This June 8 we celebrate World Oceans Day, formally recognized by the United Nations since 1992 as a global day for humanity to celebrate the world’s oceans. Beyond the recognition of the ocean as a critical resource to our global health, it is fundamental that we recognize the impact of human activity on the ocean and the rich biodiversity that lives within. This World Oceans Day, I ask us all to face some hard truths and uncomfortable facts, from the lens of an animal that lives in a relatively small sliver of our vast ocean—the North Atlantic right whale.
From its migratory route that spans the length of the Atlantic coast from Canada to Florida, the North Atlantic right whale is often dubbed “America’s whale.” This critically endangered species lives in some of the most heavily industrialized waters in the world. A once-thriving population of tens of thousands now lies sparse, struggling for survival with only an estimated 336 individuals.
Originally hunted for their oil-rich blubber a century ago during the days of whaling, they continue to face human-driven threats to this day. In fact, research conducted between 2003 and 2018 found the cause of nearly 90% of determinable right whale deaths to be from entanglement in commercial fishing gear and unintended vessel strikes.
Let’s start with entanglements. The ropes used in the iconic fisheries of lobstering and crabbing pose one of the biggest threats to the survival of the North Atlantic right whale. As the whales open their mouths to feed, they end up swimming and diving through a maze of these thick ropes. Once wrapped in a rope, panic sets in, resulting in them often twisting their bodies in an attempt to slip out of the rope. Unfortunately, these movements often do the opposite, wrapping their bodies even more tightly.

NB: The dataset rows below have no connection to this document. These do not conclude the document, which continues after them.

Lemma vec_lift_Vec x z : x \in Vec nu -> z \in Vec nus -> vle z (pi x) ->
  vec_lift x z \in Vec nu.
Proof.
move=> Hx Hz Hzx; have Hlx := vec_lift_le Hx Hzx; have F_lt := f0_lt_ell.
have HF := Vec_f0_lt_size Hx; have Sz := Vec_size Hz; rewrite ell_sharp in Sz.
have nth_hi j : F.+1 + j <= ell nu -> nth 0 (vec_lift x z) (F.+1 + j) = (nth 0 z j).+1.
  by move=> Hj; rewrite nth_vec_lift_hi // Sz; lia.
move: Hx Hz; rewrite !memVec => /inVecP[_ Xf Xb Xj] /inVecP[_ Zf Zb Zj].
rewrite ell_sharp in Zb Zj; apply/inVecP; split.
- by rewrite size_vec_lift // Sz; lia.
- case=> [_|k Hk]; first by rewrite nth_vec_lift_lo // Xf.
  have Hk' : k <= nN nus by rewrite -ltnS -nN_sharp.
  by rewrite fk_sharp // nth_hi ?Zf // -fk_sharp // fk_le.
- move=> i; case: (leqP i F) => [HiF Hi|/subnKC <- Hi]; first by rewrite nth_vec_lift_lo // Xb.
  by rewrite nth_hi // bh_sharp nN_sharp !ltnS Zb //; lia.
- move=> i j Hi Hj Hij; case: (leqP j F) => HjF.
    have HiF : i <= F by rewrite ltnW // (leq_trans Hij HjF).
    by rewrite !nth_vec_lift_lo //; apply: Xj.
  case: (leqP i F) => HiF.
    rewrite (nth_vec_lift_lo _ HF HiF) => Hfj.
    exact: leq_trans (vle_nth j Hlx) (Xj i j Hi Hj Hij Hfj).
  move: Hi Hj Hij; rewrite -(subnKC HiF) -(subnKC HjF) => Hi Hj Hij.
  have /andP[_ Hzi] : bh nus (i - F.+1) <= nth 0 z (i - F.+1) <= nN nus by apply: Zb; lia.
  rewrite !nth_hi // fk_sharp // ltnS leq_add2l => Hfj.
  by apply: Zj; lia.
Qed.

The effects of entanglements can persist for months or even years. The weight and drag of the gear, documented to be upwards of hundreds of pounds in many cases, impedes the whale’s ability to swim or feed freely. The impact of entanglement often results in chronic stress, which can ultimately impact their ability to reproduce. An alarming 85% of North Atlantic right whales show signs of being entangled at least once in their lifetimes. Thankfully, this is completely avoidable. We know how to remove this threat.
Getting rope out of the water is the first step. Transitioning fixed gear fisheries to “ropeless” on-demand fishing gear—a technology that removes the need for vertical lines in the water, except during the moment of active retrieval, is critical during certain times of the year when entanglement risk is the greatest. The acoustic technology needed for this gear has been around for years—we know it works—and we know how to adapt it for the various fisheries. The use of this gear in state and federal waters requires special permits. Thus, we need updated regulations to remove potential barriers for this process. And critically, we need to address the cost to fishermen of implementing ropeless gear. It currently carries a high price tag that is unrealistic for many fishermen to adopt.
There is hope though. The Coexistence Act of 2022 would authorize USD $15M annually over the next decade to support research and development grants for projects designed to significantly reduce the impacts of human activities on North Atlantic right whales.
Now, let’s turn to vessel strikes. Right whales are notoriously slow, often swimming just beneath the surface of the water, making them hard to see. This is especially true when there are waves. Collisions with whales often result in significant injuries, if not immediate death, as well as substantial damage to the vessel. Seasonal speed restrictions of 10–knots have been implemented in some critical habitat areas and have proven to reduce the occurrence and severity of collisions, but much more can be done. Citizen science apps like Whale Alert put the power to save whales, dolphins, and other marine mammals in your hands.
What else can we do?
We can continue on this critical path of working together. Collaboration between governments, scientists, NGOs, and industry, supported by informed consumers who recognize that species that may be out of sight but are never out of mind—this is key to a sustainable future for right whales. IFAW has chosen this path as it looks for a collaborative long-term solution. As they stand now, the numbers for North Atlantic right whales are sobering, the outlook ominous. But we are committed to turning this situation around.
Thankfully, there are some glimmers of hope as we welcome World Oceans Day this year—15 to be exact. During the most recent calving season, 15 new right whale calves were born. A reassuring sign, but by no means a guarantee of species recovery. The situation remains tenuous. Some say even dubious, but we’re not going to give up.
This World Oceans Day, we urge a renewed commitment to the North Atlantic right whale, addressing without hesitation one of the most pressing conservation challenges of our time. To save this species from the brink of extinction, while also preserving the cultural heritage of the fishing industry, we must implement 21st century technology and make our voices heard in Congress. Together we can create long-term change.